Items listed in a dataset
============================================================

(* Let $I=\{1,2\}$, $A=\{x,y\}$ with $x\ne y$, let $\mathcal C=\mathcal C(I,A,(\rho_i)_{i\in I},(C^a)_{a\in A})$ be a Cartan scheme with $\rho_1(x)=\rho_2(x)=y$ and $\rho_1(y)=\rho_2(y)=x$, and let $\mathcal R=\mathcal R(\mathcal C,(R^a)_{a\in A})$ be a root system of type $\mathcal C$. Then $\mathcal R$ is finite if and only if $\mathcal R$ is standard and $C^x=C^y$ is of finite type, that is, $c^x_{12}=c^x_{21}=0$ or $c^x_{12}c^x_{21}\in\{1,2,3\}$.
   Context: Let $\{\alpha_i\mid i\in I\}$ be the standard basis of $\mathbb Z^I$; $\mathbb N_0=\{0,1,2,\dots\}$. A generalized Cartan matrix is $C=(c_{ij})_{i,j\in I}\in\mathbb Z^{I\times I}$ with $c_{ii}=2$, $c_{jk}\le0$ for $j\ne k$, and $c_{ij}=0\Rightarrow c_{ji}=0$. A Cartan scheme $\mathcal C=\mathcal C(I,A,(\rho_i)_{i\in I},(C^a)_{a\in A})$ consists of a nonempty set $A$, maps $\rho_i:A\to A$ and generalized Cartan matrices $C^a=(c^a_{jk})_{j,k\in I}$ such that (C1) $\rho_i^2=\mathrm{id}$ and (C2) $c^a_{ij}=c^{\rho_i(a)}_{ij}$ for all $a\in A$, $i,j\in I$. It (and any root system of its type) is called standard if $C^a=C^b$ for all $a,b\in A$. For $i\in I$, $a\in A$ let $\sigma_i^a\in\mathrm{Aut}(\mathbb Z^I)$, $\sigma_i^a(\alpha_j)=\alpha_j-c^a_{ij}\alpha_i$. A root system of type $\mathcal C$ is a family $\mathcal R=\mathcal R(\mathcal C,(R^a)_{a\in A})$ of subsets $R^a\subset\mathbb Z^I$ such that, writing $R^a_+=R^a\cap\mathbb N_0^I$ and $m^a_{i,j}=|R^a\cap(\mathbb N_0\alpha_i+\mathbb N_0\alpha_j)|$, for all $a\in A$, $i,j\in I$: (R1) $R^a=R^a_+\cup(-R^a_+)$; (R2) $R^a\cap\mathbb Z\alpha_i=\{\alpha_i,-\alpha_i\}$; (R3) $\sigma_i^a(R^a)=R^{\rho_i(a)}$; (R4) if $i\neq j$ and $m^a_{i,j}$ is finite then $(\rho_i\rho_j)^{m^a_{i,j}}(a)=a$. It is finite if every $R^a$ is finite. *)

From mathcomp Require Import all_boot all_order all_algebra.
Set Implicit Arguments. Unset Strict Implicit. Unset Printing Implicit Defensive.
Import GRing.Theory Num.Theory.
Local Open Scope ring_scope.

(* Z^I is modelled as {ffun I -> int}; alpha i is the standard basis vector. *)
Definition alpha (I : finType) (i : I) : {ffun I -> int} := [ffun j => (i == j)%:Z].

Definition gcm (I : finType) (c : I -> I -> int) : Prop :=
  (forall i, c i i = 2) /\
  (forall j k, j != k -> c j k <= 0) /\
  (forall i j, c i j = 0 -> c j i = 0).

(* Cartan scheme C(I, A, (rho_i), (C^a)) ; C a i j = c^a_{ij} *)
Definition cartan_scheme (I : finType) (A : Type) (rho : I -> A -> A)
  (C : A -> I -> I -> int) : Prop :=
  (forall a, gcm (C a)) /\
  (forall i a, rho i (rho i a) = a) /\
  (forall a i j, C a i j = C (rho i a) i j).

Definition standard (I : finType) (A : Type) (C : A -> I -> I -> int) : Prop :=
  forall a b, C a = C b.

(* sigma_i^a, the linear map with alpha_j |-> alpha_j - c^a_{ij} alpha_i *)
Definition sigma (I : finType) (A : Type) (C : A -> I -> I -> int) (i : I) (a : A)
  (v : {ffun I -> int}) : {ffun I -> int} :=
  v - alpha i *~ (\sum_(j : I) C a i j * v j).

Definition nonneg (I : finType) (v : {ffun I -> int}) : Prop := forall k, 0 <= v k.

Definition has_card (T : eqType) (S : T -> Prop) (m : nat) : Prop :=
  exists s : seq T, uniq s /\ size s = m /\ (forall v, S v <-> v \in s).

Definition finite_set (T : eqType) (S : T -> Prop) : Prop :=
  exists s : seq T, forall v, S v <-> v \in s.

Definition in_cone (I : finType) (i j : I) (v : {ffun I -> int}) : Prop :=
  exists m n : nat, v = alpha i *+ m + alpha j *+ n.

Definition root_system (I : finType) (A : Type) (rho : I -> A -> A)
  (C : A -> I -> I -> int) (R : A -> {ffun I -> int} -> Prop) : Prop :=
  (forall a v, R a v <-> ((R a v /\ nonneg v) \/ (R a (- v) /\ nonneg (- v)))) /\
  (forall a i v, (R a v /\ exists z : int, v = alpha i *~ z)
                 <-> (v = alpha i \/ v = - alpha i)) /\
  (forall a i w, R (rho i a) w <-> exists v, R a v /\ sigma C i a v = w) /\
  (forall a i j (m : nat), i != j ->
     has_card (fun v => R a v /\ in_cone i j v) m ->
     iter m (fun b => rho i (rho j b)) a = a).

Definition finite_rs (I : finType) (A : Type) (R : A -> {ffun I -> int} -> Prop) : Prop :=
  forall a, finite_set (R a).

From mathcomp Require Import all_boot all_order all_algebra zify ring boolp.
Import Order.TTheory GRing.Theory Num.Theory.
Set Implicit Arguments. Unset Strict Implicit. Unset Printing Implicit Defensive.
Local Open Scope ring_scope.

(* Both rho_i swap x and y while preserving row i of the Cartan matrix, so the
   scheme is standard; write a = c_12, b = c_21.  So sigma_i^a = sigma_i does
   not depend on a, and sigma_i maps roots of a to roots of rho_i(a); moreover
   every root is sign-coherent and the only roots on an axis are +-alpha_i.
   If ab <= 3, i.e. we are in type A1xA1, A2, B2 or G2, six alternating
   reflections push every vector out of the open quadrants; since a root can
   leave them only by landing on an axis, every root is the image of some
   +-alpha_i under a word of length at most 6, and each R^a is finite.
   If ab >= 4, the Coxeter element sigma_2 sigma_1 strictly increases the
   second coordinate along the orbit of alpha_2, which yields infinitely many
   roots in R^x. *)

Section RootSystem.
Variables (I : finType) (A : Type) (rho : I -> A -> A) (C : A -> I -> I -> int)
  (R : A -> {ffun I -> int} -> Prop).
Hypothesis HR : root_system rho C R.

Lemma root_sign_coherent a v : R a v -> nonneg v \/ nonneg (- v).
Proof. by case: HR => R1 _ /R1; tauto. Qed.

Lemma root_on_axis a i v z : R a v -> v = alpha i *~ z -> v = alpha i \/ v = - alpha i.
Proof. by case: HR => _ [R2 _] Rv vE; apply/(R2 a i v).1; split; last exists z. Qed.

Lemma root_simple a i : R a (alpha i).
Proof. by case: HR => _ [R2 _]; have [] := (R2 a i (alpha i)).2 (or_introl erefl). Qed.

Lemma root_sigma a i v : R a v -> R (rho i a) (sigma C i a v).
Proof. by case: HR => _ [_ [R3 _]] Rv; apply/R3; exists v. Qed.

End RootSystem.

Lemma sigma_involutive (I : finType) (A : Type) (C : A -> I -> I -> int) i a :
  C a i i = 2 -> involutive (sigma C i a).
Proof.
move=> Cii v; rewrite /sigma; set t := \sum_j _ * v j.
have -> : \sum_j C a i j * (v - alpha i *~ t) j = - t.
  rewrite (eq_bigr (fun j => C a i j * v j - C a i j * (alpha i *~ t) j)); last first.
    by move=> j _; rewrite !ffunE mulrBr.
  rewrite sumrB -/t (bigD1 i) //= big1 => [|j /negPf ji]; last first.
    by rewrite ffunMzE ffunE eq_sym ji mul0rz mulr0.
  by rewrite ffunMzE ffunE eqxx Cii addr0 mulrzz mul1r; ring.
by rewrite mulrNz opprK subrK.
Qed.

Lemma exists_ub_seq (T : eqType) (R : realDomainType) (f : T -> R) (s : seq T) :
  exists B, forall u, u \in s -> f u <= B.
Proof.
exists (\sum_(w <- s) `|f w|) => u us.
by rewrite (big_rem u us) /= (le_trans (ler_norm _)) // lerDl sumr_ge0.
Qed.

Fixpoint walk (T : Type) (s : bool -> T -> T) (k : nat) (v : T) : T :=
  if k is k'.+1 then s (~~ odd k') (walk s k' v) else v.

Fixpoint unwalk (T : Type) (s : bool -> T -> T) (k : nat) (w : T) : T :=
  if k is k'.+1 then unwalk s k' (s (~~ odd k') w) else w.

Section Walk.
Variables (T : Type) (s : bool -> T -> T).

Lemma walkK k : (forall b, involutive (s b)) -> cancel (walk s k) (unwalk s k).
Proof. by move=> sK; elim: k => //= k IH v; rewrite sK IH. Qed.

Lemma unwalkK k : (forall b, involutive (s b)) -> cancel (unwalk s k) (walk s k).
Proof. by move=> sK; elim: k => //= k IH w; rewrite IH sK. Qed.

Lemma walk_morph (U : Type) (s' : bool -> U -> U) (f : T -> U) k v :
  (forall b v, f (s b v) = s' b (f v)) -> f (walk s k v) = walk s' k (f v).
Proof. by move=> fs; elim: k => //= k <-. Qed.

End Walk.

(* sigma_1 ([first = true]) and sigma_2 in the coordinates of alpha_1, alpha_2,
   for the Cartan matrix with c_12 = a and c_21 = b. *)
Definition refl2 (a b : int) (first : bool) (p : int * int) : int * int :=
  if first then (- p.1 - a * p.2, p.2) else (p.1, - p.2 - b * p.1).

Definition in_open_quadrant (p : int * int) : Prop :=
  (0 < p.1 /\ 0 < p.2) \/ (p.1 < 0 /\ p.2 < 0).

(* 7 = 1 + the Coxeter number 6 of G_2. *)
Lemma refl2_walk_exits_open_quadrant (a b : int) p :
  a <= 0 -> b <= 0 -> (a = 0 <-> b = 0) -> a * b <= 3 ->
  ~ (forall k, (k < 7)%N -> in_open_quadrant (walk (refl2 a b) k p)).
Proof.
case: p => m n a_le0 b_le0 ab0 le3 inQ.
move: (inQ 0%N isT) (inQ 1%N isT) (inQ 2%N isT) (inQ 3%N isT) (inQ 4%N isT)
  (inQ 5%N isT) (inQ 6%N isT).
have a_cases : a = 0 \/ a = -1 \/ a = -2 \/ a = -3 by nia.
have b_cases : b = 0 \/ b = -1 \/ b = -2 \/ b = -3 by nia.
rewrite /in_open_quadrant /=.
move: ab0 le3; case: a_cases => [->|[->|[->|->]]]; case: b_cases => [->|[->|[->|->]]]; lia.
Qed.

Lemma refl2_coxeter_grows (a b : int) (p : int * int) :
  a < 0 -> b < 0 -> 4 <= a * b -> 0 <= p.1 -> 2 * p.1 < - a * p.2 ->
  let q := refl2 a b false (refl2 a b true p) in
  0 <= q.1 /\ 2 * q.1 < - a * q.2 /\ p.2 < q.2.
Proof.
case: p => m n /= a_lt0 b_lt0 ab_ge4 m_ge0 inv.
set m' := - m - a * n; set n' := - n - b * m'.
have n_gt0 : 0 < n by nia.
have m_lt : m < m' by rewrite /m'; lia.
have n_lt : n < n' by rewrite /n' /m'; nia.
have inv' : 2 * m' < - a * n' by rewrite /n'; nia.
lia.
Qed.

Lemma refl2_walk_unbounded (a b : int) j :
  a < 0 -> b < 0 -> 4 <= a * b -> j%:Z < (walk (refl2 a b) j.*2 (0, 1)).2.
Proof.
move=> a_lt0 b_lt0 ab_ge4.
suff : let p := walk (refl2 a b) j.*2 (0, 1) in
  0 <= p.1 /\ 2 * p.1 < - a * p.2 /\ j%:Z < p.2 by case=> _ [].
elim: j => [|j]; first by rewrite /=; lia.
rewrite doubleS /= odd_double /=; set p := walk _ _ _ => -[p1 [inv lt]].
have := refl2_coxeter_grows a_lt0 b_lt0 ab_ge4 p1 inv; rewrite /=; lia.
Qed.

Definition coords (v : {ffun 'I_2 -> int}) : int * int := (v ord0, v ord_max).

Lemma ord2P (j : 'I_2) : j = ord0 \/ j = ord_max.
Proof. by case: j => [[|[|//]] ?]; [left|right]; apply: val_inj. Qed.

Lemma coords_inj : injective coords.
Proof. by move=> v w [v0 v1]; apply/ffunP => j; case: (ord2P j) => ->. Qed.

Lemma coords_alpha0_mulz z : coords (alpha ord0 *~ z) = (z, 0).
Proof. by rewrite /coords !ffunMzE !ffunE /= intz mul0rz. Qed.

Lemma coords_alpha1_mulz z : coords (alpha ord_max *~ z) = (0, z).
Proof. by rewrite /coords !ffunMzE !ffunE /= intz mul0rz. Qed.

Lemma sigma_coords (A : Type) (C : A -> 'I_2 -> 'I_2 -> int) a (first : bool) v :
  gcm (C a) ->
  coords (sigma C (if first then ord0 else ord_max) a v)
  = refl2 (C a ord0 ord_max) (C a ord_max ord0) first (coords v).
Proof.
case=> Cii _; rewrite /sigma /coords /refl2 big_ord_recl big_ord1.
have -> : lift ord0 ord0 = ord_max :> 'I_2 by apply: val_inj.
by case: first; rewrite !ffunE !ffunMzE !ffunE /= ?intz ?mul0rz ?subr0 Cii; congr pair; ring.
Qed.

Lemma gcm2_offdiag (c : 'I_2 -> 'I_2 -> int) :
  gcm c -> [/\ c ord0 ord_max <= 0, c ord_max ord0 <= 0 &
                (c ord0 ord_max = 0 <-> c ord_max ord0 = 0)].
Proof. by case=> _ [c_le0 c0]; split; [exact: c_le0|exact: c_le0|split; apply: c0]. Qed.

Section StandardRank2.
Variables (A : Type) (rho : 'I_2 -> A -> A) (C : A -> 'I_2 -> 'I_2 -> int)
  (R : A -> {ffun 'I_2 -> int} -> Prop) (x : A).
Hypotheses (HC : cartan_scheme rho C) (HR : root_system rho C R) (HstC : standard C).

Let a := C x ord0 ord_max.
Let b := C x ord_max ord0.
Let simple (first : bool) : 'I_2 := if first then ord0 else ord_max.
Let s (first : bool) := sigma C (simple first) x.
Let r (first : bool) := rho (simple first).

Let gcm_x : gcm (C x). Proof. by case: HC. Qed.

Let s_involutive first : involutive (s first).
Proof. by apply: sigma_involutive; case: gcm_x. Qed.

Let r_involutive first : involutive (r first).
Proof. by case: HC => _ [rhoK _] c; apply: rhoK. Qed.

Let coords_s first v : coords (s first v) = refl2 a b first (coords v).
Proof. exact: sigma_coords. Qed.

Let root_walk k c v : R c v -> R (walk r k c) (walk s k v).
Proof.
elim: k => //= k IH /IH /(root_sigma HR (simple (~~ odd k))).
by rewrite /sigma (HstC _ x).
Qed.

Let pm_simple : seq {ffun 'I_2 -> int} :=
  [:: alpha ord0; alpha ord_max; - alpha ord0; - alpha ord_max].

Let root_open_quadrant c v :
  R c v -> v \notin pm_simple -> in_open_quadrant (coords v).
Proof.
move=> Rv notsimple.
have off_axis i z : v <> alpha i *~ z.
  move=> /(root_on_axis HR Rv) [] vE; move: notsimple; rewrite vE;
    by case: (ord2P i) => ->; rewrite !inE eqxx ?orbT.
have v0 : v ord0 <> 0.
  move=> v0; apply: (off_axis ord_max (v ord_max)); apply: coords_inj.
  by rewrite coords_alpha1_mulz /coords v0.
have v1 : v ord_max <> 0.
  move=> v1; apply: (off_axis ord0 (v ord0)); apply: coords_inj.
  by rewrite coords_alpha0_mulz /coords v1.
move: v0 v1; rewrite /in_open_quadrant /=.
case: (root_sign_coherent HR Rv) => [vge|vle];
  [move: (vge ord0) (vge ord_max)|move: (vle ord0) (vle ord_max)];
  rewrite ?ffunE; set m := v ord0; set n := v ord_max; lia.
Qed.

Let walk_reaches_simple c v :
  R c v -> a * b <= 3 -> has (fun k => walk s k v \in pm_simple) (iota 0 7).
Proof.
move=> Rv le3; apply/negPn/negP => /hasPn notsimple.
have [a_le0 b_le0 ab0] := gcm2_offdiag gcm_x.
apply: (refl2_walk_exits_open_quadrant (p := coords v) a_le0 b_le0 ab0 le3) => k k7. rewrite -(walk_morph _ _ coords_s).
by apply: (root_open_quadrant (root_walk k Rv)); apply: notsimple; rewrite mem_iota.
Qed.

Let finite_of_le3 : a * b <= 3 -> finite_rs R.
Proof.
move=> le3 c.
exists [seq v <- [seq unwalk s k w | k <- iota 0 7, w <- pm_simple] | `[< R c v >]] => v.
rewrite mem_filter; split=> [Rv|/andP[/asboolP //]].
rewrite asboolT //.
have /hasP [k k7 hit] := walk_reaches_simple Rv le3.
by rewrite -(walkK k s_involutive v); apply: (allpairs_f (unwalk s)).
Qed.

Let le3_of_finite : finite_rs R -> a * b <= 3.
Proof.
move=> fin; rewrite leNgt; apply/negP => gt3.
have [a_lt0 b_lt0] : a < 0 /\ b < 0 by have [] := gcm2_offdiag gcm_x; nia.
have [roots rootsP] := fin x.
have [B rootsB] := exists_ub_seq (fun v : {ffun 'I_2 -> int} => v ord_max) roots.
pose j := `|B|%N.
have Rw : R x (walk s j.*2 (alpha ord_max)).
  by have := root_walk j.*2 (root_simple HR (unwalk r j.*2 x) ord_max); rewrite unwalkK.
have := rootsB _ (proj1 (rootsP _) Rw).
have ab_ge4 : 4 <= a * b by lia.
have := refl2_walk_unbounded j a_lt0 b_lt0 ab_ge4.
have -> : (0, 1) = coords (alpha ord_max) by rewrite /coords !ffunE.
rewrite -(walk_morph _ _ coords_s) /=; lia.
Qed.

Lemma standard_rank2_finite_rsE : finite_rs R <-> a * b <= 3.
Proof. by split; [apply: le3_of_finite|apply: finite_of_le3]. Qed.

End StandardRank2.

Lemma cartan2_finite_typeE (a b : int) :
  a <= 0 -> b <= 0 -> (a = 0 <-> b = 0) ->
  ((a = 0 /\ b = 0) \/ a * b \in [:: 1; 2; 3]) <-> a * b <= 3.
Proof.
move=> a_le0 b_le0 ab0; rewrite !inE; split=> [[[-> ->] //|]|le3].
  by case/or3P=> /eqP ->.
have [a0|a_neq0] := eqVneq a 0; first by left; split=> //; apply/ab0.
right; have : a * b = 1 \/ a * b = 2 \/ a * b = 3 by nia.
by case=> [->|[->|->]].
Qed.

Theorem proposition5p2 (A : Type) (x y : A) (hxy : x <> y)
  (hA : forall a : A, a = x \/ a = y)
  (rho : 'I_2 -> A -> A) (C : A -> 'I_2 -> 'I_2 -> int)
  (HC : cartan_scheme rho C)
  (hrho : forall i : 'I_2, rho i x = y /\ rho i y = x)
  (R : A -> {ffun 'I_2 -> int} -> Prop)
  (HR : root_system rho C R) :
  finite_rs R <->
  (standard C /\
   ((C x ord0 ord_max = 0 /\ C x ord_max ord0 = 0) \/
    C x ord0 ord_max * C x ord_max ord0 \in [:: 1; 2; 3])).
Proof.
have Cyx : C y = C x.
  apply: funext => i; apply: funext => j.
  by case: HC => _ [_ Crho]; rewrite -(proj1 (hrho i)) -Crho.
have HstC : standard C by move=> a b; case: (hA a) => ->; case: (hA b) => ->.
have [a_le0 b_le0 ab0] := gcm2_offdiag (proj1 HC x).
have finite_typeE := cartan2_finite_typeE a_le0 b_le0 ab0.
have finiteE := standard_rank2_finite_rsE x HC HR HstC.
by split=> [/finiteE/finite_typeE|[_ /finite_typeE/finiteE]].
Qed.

============================================================

What is needed: Copy out each line of the records where the string "From" appears.

Result of the task:
From mathcomp Require Import all_boot all_order all_algebra.
From mathcomp Require Import all_boot all_order all_algebra zify ring boolp.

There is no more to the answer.